5. Politeness: Politeness is closely linked to tolerance, the capacity to live alongside people whom one will never agree with but at the same time, cannot avoid. 

Politeness is more than being able to live alongside those we disagree with. It’s about being kindly predisposed to others because we see intrinsic value in them even though we might disagree. From a Christian perspective, Jesus described loving your neighbour as yourself as the second greatest command.

6. Humour: Like anger, humour springs from disappointment, but it is disappointment optimally channelled. 

Gee and I thought it was about having fun and being free to laugh and look on the bright side of life.

7. Self-awareness: To know oneself is to try not to blame others for one’s troubles and moods; to have a sense of what’s going on inside oneself, and what actually belongs to the world. 

Another really weird definition. I thought that it was about being having an innate sense of identity and perception of how one’s thoughts and actions interact with our surrounds.

8. Forgiveness: It’s recognising that living with others is not possible without excusing errors.

Hello! Forgive us our sins as we forgive those who sin against us.

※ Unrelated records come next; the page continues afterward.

(* Let $A=[a_{ij}]\in M_{m,n}(\mathbb{R})$ have rank $r>1$ and be diagonally eliminable up to $r$, and let $0\leq k<r$. Then the Gauss-Jordan operation matrix $\mathcal{G}_{2k+1}=[g^{(2k+1)}_{ij}]_{m\times m}$ satisfies $g^{(2k+1)}_{ij}=0$ for $i\neq j$, $g^{(2k+1)}_{ii}=1$ for $i\neq k+1$, and $g^{(2k+1)}_{k+1,k+1}=\dfrac{m_k}{m_{k+1}}$; and $\mathcal{G}_{2k+2}=[g^{(2k+2)}_{ij}]_{m\times m}$ satisfies $$g^{(2k+2)}_{ij}=\begin{cases}0 & \text{if } j\notin\{i,k+1\},\\ 1 & \text{if } i=j,\\ (-1)^{k+i+1}\dfrac{m^{1\dots k}_{1\dots i-1,\,i+1\dots k+1}}{m_k} & \text{if } 1\leq i\leq k,\ j=k+1,\\[2mm] -\dfrac{m^{1\dots k\,i}_{1\dots k\,k+1}}{m_k} & \text{if } k+1<i\leq m,\ j=k+1.\end{cases}$$
   Context: Gauss-Jordan procedure: for $A\in M_{m,n}(\mathbb{R})$ set $A^{(0)}=A$. For $k\geq 0$, if $A^{(2k)}=[a^{(2k)}_{ij}]$ is defined and $a^{(2k)}_{k+1,k+1}\neq 0$, let $\mathcal{G}_{2k+1}$ be the $m\times m$ diagonal matrix with all diagonal entries $1$ except the $(k+1,k+1)$ entry, which is $1/a^{(2k)}_{k+1,k+1}$, and set $A^{(2k+1)}=\mathcal{G}_{2k+1}A^{(2k)}=[a^{(2k+1)}_{ij}]$; then let $\mathcal{G}_{2k+2}=[g_{ij}]_{m\times m}$ with $g_{ii}=1$, $g_{i,k+1}=-a^{(2k+1)}_{i,k+1}$ for $i\neq k+1$, and all other entries $0$, and set $A^{(2k+2)}=\mathcal{G}_{2k+2}A^{(2k+1)}$. The $\mathcal{G}_q$ are the Gauss-Jordan operation matrices. A matrix $A$ of rank $r\geq 1$ is diagonally eliminable up to $r$ if for each $k=1,\dots,r$ the matrix $A^{(2k-2)}$ is defined and $a^{(2k-2)}_{kk}\neq 0$. Minors: $m^{i_1\dots i_p}_{j_1\dots j_p}$ (increasing indices) is the determinant of the submatrix of $A$ with rows $i_1,\dots,i_p$ and columns $j_1,\dots,j_p$; $m^{1\dots k}_{1\dots i-1,\,i+1\dots k+1}$ uses rows $1,\dots,k$ and columns $1,\dots,k+1$ with $i$ removed. $m_k=m^{1\dots k}_{1\dots k}$ and $m_0=1$. *)

From HB Require Import structures.
From mathcomp Require Import all_boot all_order all_algebra.
Set Implicit Arguments. Unset Strict Implicit. Unset Printing Implicit Defensive.
Import Order.TTheory GRing.Theory Num.Theory.
Local Open Scope ring_scope.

Forgiveness is about our willingness to abandon our right to resentment, negative judgment, and indifferent behavior toward the person who unjustly hurt us, while fostering undeserved qualities of compassion, generosity, and even love toward them.

9. Hope: Pessimism is not necessarily deep, nor optimism shallow.

Hope is actually a confident expectation about the future. The great ‘three’ the Bible teaches that will last forever are faith, hope and love. The greatest of all is love. Jesus breeds hope in people.

10. Confidence: Confidence is not arrogance – rather, it is based on a constant awareness of how short life is and how little we will ultimately lose from risking everything.

Confidence actually requires an object, much like love. Confidence is only as valid as the object into which it is placed. If de Botton is referring to self-confidence then it bids well for the self-made person. For those who might be a little shaky on the self-confidence front, he might as well have set the high-jump bar at 12 feet. The Bible actually encourages us to develop a boldness and confidence in God rather than our own capacities. It notes that every good and perfect gift comes from above. Every skill and capacity that we have has been gifted to us and at best been stewarded and developed by us.

Pop-culture gurus change with the season. In the 90s it was Anthony Robbins telling us to unleash ‘the power within’… until we got burnt and people realised we weren’t made to walk on hot coals. Or Dale Carnegie before him, teaching us to master the art of winning friends and influencing people. Now it is de Botton’s turn to analyse our status anxiety, how our houses makes us happy, how to enjoy our Sundays and take back all the good practices and ideas from religion – without giving up our ‘right of independence’ from our Creator.

We cling to such ideologies to avoid what our lives have become. It’s worth returning to the original. You’re probably already reading it under another name.